Calculate the actual projected data w.r.t. the function \(f(A_1, ..., A_n)\),

\[a_f^{i,r} = \sum_\alpha \bar{\bar{f}}_\alpha a_\alpha^{i,r}\,, \quad f_\alpha = \frac{\mathrm d f}{\mathrm d A_\alpha}\]
Parameters:

f – Function.

Returns:

Projected data \(a_f^{i,r}\) (array).

puwr.gamma(data, f)

Calculates an estimator for the autocorrelation function

\[\begin{split}\bar{\bar{\Gamma}}_F(t) =& \sum_{\alpha\beta} \bar{\bar{f}}_\alpha\,\bar{\bar{f}}_\beta \bar{\bar{\Gamma}}_{\alpha\beta}(t)\,,\\ \bar{\bar{\Gamma}}_{\alpha\beta}(t) =& \frac 1 {N -R t} \sum_{r = 1}^R \sum_{i = 1}^{N_r -t} (a_\alpha^{i,r} - \bar{\bar{a}}_\alpha) (a_\beta^{i+t,r} - \bar{\bar{a}}_\beta)\,,\\ f_\alpha = \frac{\mathrm d f}{\mathrm d A_\alpha}\end{split}\]

where \(f\) is a function, \(i\) labels the measurements, \(r\) the replica, and \(\alpha\) the observables.

Parameters:
  • data – The input data is assumed to be in the format \(\mathtt{data[}\alpha\mathtt{][r][i]} = a_\alpha^{i,r}\) where \(i\) labels the measurements, \(r\) the replica and \(\alpha\) the observables.

  • f – Function \(f\) as above.

puwr.tauint(data, f, full_output=False, plots=False)

Estimate the autocorrelation time of data as presented in [1].

Parameters:
  • data – The input data is assumed to be in the format \(\mathtt{data[}\alpha\mathtt{][r][i]} = a_\alpha^{i,r}\) where \(i\) labels the measurements, \(r\) the replica and \(\alpha\) the observables.

  • f – Function or integer. If a function is passed, the autocorrelation time for the secondary observable, defined by the function applied to the input data (with the primary observables in the order they are given in data passed as arguments to f) is calculated. If an integer s passed, the auto-correlation time of data[f] is estimated.

  • full_output – If set to True, the autocorrelation matrix \(\bar{\bar{\Gamma}}\) and the optimal window size \(W\) will be appended to the output.

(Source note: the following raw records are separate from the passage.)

(* Let $G$ be a fully supported graph, and let $\mathcal{H}$ be the family of graphs $H=(\{v_1,v_2\},\beta)$ with $\beta(v_1,v_2)=\beta(v_2,v_1)=0$ and $\beta(v_1,v_1)>0$, $\beta(v_2,v_2)>0$ (two isolated vertices each with a self-loop of positive weight). The following are equivalent: (1) $G$ is connected; (2) $G$ is strongly disjoint from some $H\in\mathcal{H}$; (3) $G$ is strongly disjoint from every $H\in\mathcal{H}$.
   Context: A weight function on finite $U$ is $\alpha:U\times U\to\mathbb{R}$, $\alpha\ge0$, symmetric, summing to $1$; degree $p(u)=\sum_{u'}\alpha(u,u')$; a graph is $(U,\alpha)$ with edges $(u,u')$ where $\alpha(u,u')>0$; fully supported means $p(u)>0$ for all $u$; connected means any two distinct vertices are joined by a path of edges. For graphs $(U,\alpha)$, $(V,\beta)$ with degrees $p,q$, a weight joining is a weight function $\gamma$ on $U\times V$ with degree $r(u,v)=\sum_{(u',v')}\gamma((u,v),(u',v'))$ such that $\sum_v r(u,v)=p(u)$, $\sum_u r(u,v)=q(v)$, $p(u)\sum_{\tilde v}\gamma((u,v),(u',\tilde v))=\alpha(u,u')r(u,v)$ and $q(v)\sum_{\tilde u}\gamma((u,v),(\tilde u,v'))=\beta(v,v')r(u,v)$ for all $u,u',v,v'$. The graphs are strongly disjoint if the only weight joining is $\alpha\otimes\beta$, $(\alpha\otimes\beta)((u,v),(u',v'))=\alpha(u,u')\beta(v,v')$. *)

(* Weights take values in an arbitrary real field R
   (the paper uses the reals; realType instances included). *)
From mathcomp Require Import all_boot all_order all_algebra.
Set Implicit Arguments. Unset Strict Implicit. Unset Printing Implicit Defensive.
Import Order.TTheory GRing.Theory Num.Theory.
Local Open Scope ring_scope.

Section Defs.
Variable R : realFieldType.

Definition weight_fun (U : finType) (a : U -> U -> R) : Prop :=
  (forall u u', 0 <= a u u') /\ (forall u u', a u u' = a u' u) /\
  \sum_(u : U) \sum_(u' : U) a u u' = 1.

Definition deg (U : finType) (a : U -> U -> R) (u : U) : R :=
  \sum_(u' : U) a u u'.

Definition fully_supported (U : finType) (a : U -> U -> R) : Prop :=
  forall u, 0 < deg a u.

Definition edge (U : finType) (a : U -> U -> R) : rel U :=
  fun u u' => 0 < a u u'.

Definition connected (U : finType) (a : U -> U -> R) : Prop :=
  forall u u' : U, u != u' -> connect (edge a) u u'.

Definition tensor (U V : finType) (a : U -> U -> R) (b : V -> V -> R)
  : (U * V)%type -> (U * V)%type -> R :=
  fun x y => a x.1 y.1 * b x.2 y.2.

Definition weight_joining (U V : finType) (a : U -> U -> R) (b : V -> V -> R)
  (g : (U * V)%type -> (U * V)%type -> R) : Prop :=
  weight_fun g /\
  (forall u, \sum_(v : V) deg g (u, v) = deg a u) /\
  (forall v, \sum_(u : U) deg g (u, v) = deg b v) /\
  (forall u u' v, deg a u * (\sum_(v' : V) g (u, v) (u', v'))
                  = a u u' * deg g (u, v)) /\
  (forall u v v', deg b v * (\sum_(u' : U) g (u, v) (u', v'))
                  = b v v' * deg g (u, v)).

Definition strongly_disjoint (U V : finType) (a : U -> U -> R) (b : V -> V -> R)
  : Prop :=
  forall g, weight_joining a b g -> g = tensor a b.

Definition in_family_H (b : bool -> bool -> R) : Prop :=
  weight_fun b /\ b true false = 0 /\ b false true = 0 /\
  0 < b true true /\ 0 < b false false.

End Defs.

From mathcomp Require Import all_boot all_order all_algebra.
From mathcomp Require Import ring lra.
From Stdlib Require Import FunctionalExtensionality.
Set Implicit Arguments. Unset Strict Implicit. Unset Printing Implicit Defensive.
Import Order.TTheory GRing.Theory Num.Theory.
Local Open Scope ring_scope.

(* A weight joining g of G with H = ({v1, v2}, b) cannot move mass between the
   two loops of H, so it is determined by the share h(u) = r(u, v1) / p(u) in
   [0, 1]; the joining conditions say exactly that h is constant along the edges
   of G and has p-mean b(v1, v1), and the product joining is h = b(v1, v1).
   On a connected G such an h is constant, so g is the product. Otherwise, if c
   is the indicator of a component of p-mass s < 1, then
   h = b(v1, v1) + b(v1, v1) b(v2, v2) (c - s) gives a second joining. *)

Lemma sumr_pair_bool (V : nmodType) (U : finType) (F : U * bool -> V) :
  \sum_x F x = \sum_u (F (u, true) + F (u, false)).
Proof.
rewrite (eq_bigr (fun x => F (x.1, x.2))); last by case.
rewrite -(pair_big xpredT xpredT (fun u v => F (u, v))).
by apply: eq_bigr => u _; rewrite big_bool.
Qed.

Section FamilyH.
Variables (R : realFieldType) (b : bool -> bool -> R).
Hypothesis Hb : in_family_H b.

Lemma family_H_offdiag v v' : v != v' -> b v v' = 0.
Proof. by case: Hb => _ [? [? _]]; case: v; case: v'. Qed.

Lemma family_H_loop_gt0 v : 0 < b v v.
Proof. by case: Hb => _ [_ [_ [? ?]]]; case: v. Qed.

Lemma family_H_deg v : deg b v = b v v.
Proof.
rewrite /deg big_bool /=.
by case: v; rewrite ?[b true false]family_H_offdiag ?[b false true]family_H_offdiag
  ?addr0 ?add0r.
Qed.

Lemma family_H_loops_sum : b true true + b false false = 1.
Proof.
case: Hb => [[_ [_ sum1]] _]; move: sum1.
by rewrite !big_bool /= [b true false]family_H_offdiag // [b false true]family_H_offdiag
  // addr0 add0r.
Qed.

End FamilyH.

Lemma family_H_uniform (R : realFieldType) :
  in_family_H (fun v v' : bool => if v == v' then 2^-1 else 0 : R).
Proof.
split; last by rewrite /=; split; [|split; [|split]]; lra.
split; [|split].
- by move=> v v'; case: (v == v'); rewrite ?invr_ge0 ?ler0n.
- by move=> v v'; rewrite eq_sym.
- by rewrite !big_bool /=; lra.
Qed.

Lemma connect_invariant (T : finType) (e : rel T) (S : eqType) (f : T -> S) x y :
  (forall x' y', e x' y' -> f x' = f y') -> connect e x y -> f x = f y.
Proof.
move=> inv_f xy; apply/esym/eqP.
have cl : closed e [pred z | f z == f x].
  by move=> x' y' /inv_f fxy; rewrite !inE fxy.
by rewrite -[_ == _]/(y \in [pred z | f z == f x]) -(closed_connect cl xy) inE.
Qed.

Lemma edge_sym (R : realFieldType) (U : finType) (a : U -> U -> R) :
  weight_fun a -> symmetric (edge a).
Proof. by case=> _ [asym _] u u'; rewrite /edge asym. Qed.

Section Joinings.
Variables (R : realFieldType) (U : finType) (a : U -> U -> R) (b : bool -> bool -> R).
Hypotheses (Ha : weight_fun a) (Hfs : fully_supported a) (Hb : in_family_H b).

Let a_ge0 u u' : 0 <= a u u'. Proof. by case: Ha. Qed.
Let a_sym u u' : a u u' = a u' u. Proof. by case: Ha => _ []. Qed.
Let deg_sum1 : \sum_u deg a u = 1. Proof. by case: Ha => _ []. Qed.
Let deg_neq0 u : deg a u != 0. Proof. exact/lt0r_neq0/Hfs. Qed.

Lemma weight_joining_offdiag g u u' v v' :
  weight_joining a b g -> v != v' -> g (u, v) (u', v') = 0.
Proof.
move=> [[g_ge0 _] [_ [_ [_ Jb]]]] vv'.
have := Jb u v v'; rewrite family_H_offdiag // mul0r family_H_deg // => /eqP.
rewrite mulf_eq0 (negbTE (lt0r_neq0 (family_H_loop_gt0 Hb v))) => /eqP/psumr_eq0P.
by apply => // u'' _; apply: g_ge0.
Qed.

Lemma weight_joining_diag g u u' v : weight_joining a b g ->
  g (u, v) (u', v) = a u u' * (deg g (u, v) / deg a u).
Proof.
move=> J; case: (J) => _ [_ [_ [Ja _]]].
apply: (mulfI (deg_neq0 u)).
rewrite [RHS]mulrCA [in RHS](mulrC (deg a u)) divfK // -Ja big_bool /=.
by case: v; [rewrite [g _ (_, false)](weight_joining_offdiag _ _ J) // addr0
            | rewrite [g _ (_, true)](weight_joining_offdiag _ _ J) // add0r].
Qed.

Lemma connected_strongly_disjoint : connected a -> strongly_disjoint a b.
Proof.
move=> Hc g J; case: (J) => [[_ [g_sym _]] [_ [Jmarg _]]].
pose share v u := deg g (u, v) / deg a u.
have share_edge v u u' : edge a u u' -> share v u = share v u'.
  move=> uu'; apply: (mulfI (lt0r_neq0 uu')).
  by rewrite -weight_joining_diag // g_sym weight_joining_diag // a_sym.
have share_const v u u' : share v u = share v u'.
  have [-> // | uu'] := eqVneq u u'.
  exact: (connect_invariant (share_edge v) (Hc _ _ uu')).
have share_deg v u : share v u = b v v.
  rewrite -family_H_deg // -Jmarg -[LHS]mulr1 -deg_sum1 mulr_sumr.
  by apply: eq_bigr => u' _; rewrite (share_const v u u') /share divfK.
apply: functional_extensionality => -[u v].
apply: functional_extensionality => -[u' v'].
rewrite /tensor /=; have [<- | vv'] := eqVneq v v'.
  by rewrite weight_joining_diag // -/(share v u) share_deg.
by rewrite weight_joining_offdiag // family_H_offdiag // mulr0.
Qed.

Definition split_share (h : U -> R) (v : bool) (u : U) : R :=
  if v then h u else 1 - h u.

Definition split_joining (h : U -> R) (x y : U * bool) : R :=
  if x.2 == y.2 then a x.1 y.1 * split_share h x.2 x.1 else 0.

Lemma deg_split_joining h u v :
  deg (split_joining h) (u, v) = deg a u * split_share h v u.
Proof.
rewrite /deg sumr_pair_bool mulr_suml; apply: eq_bigr => u' _.
by rewrite /split_joining; case: v => /=; rewrite ?addr0 ?add0r.
Qed.

Lemma split_joining_weight_joining h :
  (forall u, 0 <= h u <= 1) -> (forall u u', edge a u u' -> h u = h u') ->
  \sum_u deg a u * h u = b true true -> weight_joining a b (split_joining h).
Proof.
move=> h01 h_edge h_mean.
have share_ge0 v u : 0 <= split_share h v u.
  by have /andP[? ?] := h01 u; case: v => /=; lra.
have deg_share u : split_share h true u + split_share h false u = 1.
  by rewrite /=; ring.
split; [split; [|split] | split; [|split; [|split]]].
- move=> [u v] [u' v']; rewrite /split_joining /=.
  by case: eqP => _ //; apply: mulr_ge0.
- move=> [u v] [u' v']; rewrite /split_joining /= eq_sym.
  have [<- | //] := eqVneq v v'; rewrite [a u' u]a_sym.
  have [-> | uu'] := eqVneq (a u u') 0; first by rewrite !mul0r.
  by rewrite /split_share (h_edge u u') // /edge lt0r uu' a_ge0.
- rewrite -deg_sum1 -[LHS]/(\sum_x deg (split_joining h) x) sumr_pair_bool.
  by apply: eq_bigr => u _; rewrite !deg_split_joining -mulrDr deg_share mulr1.
- by move=> u; rewrite big_bool /= !deg_split_joining -mulrDr deg_share mulr1.
- move=> v; under eq_bigr do rewrite deg_split_joining.
  rewrite family_H_deg //; case: v; first by [].
  rewrite /= (eq_bigr (fun u => deg a u - deg a u * h u)); last by move=> u _; ring.
  by rewrite sumrB h_mean deg_sum1 -(family_H_loops_sum Hb) addrC addKr.
- move=> u u' v; rewrite big_bool deg_split_joining /split_joining /=.
  by case: v => /=; ring.
- move=> u v v'; rewrite deg_split_joining family_H_deg //.
  have [<- | vv'] := eqVneq v v'.
    rewrite /deg mulr_suml; congr (_ * _); apply: eq_bigr => u' _.
    by rewrite /split_joining /= eqxx.
  rewrite [b v v']family_H_offdiag // mul0r big1 ?mulr0 // => u' _.
  by rewrite /split_joining /= (negbTE vv').
Qed.

Lemma split_joining_tensor h u :
  split_joining h = tensor a b -> h u = b true true.
Proof.
move=> gE; apply: (mulfI (deg_neq0 u)).
have := congr1 (fun g => deg g (u, true)) gE.
rewrite deg_split_joining /deg sumr_pair_bool -/(deg a u) => ->.
rewrite /tensor /deg /= mulr_suml; apply: eq_bigr => u' _.
by rewrite [b true false]family_H_offdiag // mulr0 addr0.
Qed.

Lemma not_connect_not_strongly_disjoint u0 u1 :
  ~~ connect (edge a) u0 u1 -> ~ strongly_disjoint a b.
Proof.
move=> u0u1 Hsd.
pose c u : R := (connect (edge a) u0 u)%:R.
pose s := \sum_u deg a u * c u.
pose b1 := b true true; pose b2 := b false false; pose e := b1 * b2.
pose h u := b1 + e * (c u - s).
have c01 u : c u = 0 \/ c u = 1 by rewrite /c; case: (connect _ _ _); [right | left].
have s_ge0 : 0 <= s.
  by apply: sumr_ge0 => u _; rewrite mulr_ge0 ?ler0n // ltW.
have s_lt1 : s < 1.
  have c_u1 : c u1 = 0 by rewrite /c (negbTE u0u1).
  rewrite -deg_sum1 [X in _ < X](bigD1 u1) //= [s](bigD1 u1) //=.
  rewrite c_u1 mulr0 add0r ltr_pwDl //.
  apply: ler_sum => u _; case: (c01 u) => ->; rewrite ?mulr0 ?mulr1 //.
  exact/ltW.
have b1_gt0 : 0 < b1 := family_H_loop_gt0 Hb true.
have b2_gt0 : 0 < b2 := family_H_loop_gt0 Hb false.
have b12 : b1 + b2 = 1 := family_H_loops_sum Hb.
have e_le : e <= b1 /\ e <= b2 by rewrite /e; split; nra.
have e_gt0 : 0 < e by apply: mulr_gt0.
have es : 0 <= e * s /\ e * s < e by split; nra.
have h01 u : 0 <= h u <= 1.
  by rewrite /h; case: (c01 u) => ->; apply/andP; split; lra.
have h_edge u u' : edge a u u' -> h u = h u'.
  move=> uu'; have cE : connect (edge a) u0 u = connect (edge a) u0 u'
    := connect_closed (sym_connect_sym (edge_sym Ha)) u0 uu'.
  by rewrite /h /c cE.
have h_mean : \sum_u deg a u * h u = b1.
  rewrite (eq_bigr (fun u => (b1 - e * s) * deg a u + e * (deg a u * c u))).
    by rewrite big_split /= -!mulr_sumr deg_sum1 -/s; ring.
  by move=> u _; rewrite /h; ring.
have := split_joining_tensor u0 (Hsd _ (split_joining_weight_joining h01 h_edge h_mean)).
have c_u0 : c u0 = 1 by rewrite /c connect0.
rewrite /h c_u0 -/b1; nra.
Qed.

End Joinings.

Theorem proposition7p2 (R : realFieldType) (U : finType) (a : U -> U -> R)
  (Ha : weight_fun a) (Hfs : fully_supported a) :
  (connected a <-> exists b : bool -> bool -> R,
                     in_family_H b /\ strongly_disjoint a b) /\
  (connected a <-> forall b : bool -> bool -> R,
                     in_family_H b -> strongly_disjoint a b).
Proof.
have sd_connected b : in_family_H b -> strongly_disjoint a b -> connected a.
  move=> Hb Hsd u u' _; apply/negPn/negP => uu'.
  exact: (not_connect_not_strongly_disjoint Ha Hfs Hb uu' Hsd).
have Hb0 := family_H_uniform R.
split; split.
- by move=> Hc; eexists; split; last exact: (connected_strongly_disjoint Ha Hfs Hb0).
- by case=> b [Hb]; apply: sd_connected.
- by move=> Hc b Hb; apply: (connected_strongly_disjoint Ha Hfs Hb).
- by move=> Hsd; apply: sd_connected Hb0 (Hsd _ Hb0).
Qed.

  • plots – If set to True, and if the matplotlib package is installed, plots are produced that depict the autocorrelation matrix and estimated autocorrelation time vs. the window size.

Returns:

A tuple containing the mean, variance, estimated autocorrelation and the estimated error thereof.

puwr.correlated_data(tau=5, n=10000)

Generate correlated data as explained in the appendix of [1]. One draws a sequence of \(n\) normally distributed random numbers \(\eta_i, i = 1,\ldots,n\) with unit variance and vanishing mean. From this one constructs

\[\begin{split}\nu_1 = \eta_1,\quad \nu_{i+1} = \sqrt{1 - a^2} \eta_{i+1} + a \nu_i\,,\\ a = \frac {2 \tau - 1}{2\tau + 1}, \quad \tau \geq \frac 1 2\,,\end{split}\]

where \(\tau\) is the autocorrelation time:

>>> from puwr import correlated_data
>>> correlated_data(2, 10)
[[array([ 1.02833043,  1.08615234,  1.16421776,  1.15975754,
          1.23046603,  1.13941114,  1.1485227 ,  1.13464388,
          1.12461557,  1.15413354])]]
Parameters:
  • tau – Target autocorrelation time.

  • n – Number of data points to generate.

puwr.idf(n)

Project on n-th argument:

idf(n) = lambda *a : a[n]
Parameters:

n – Number of element to project on.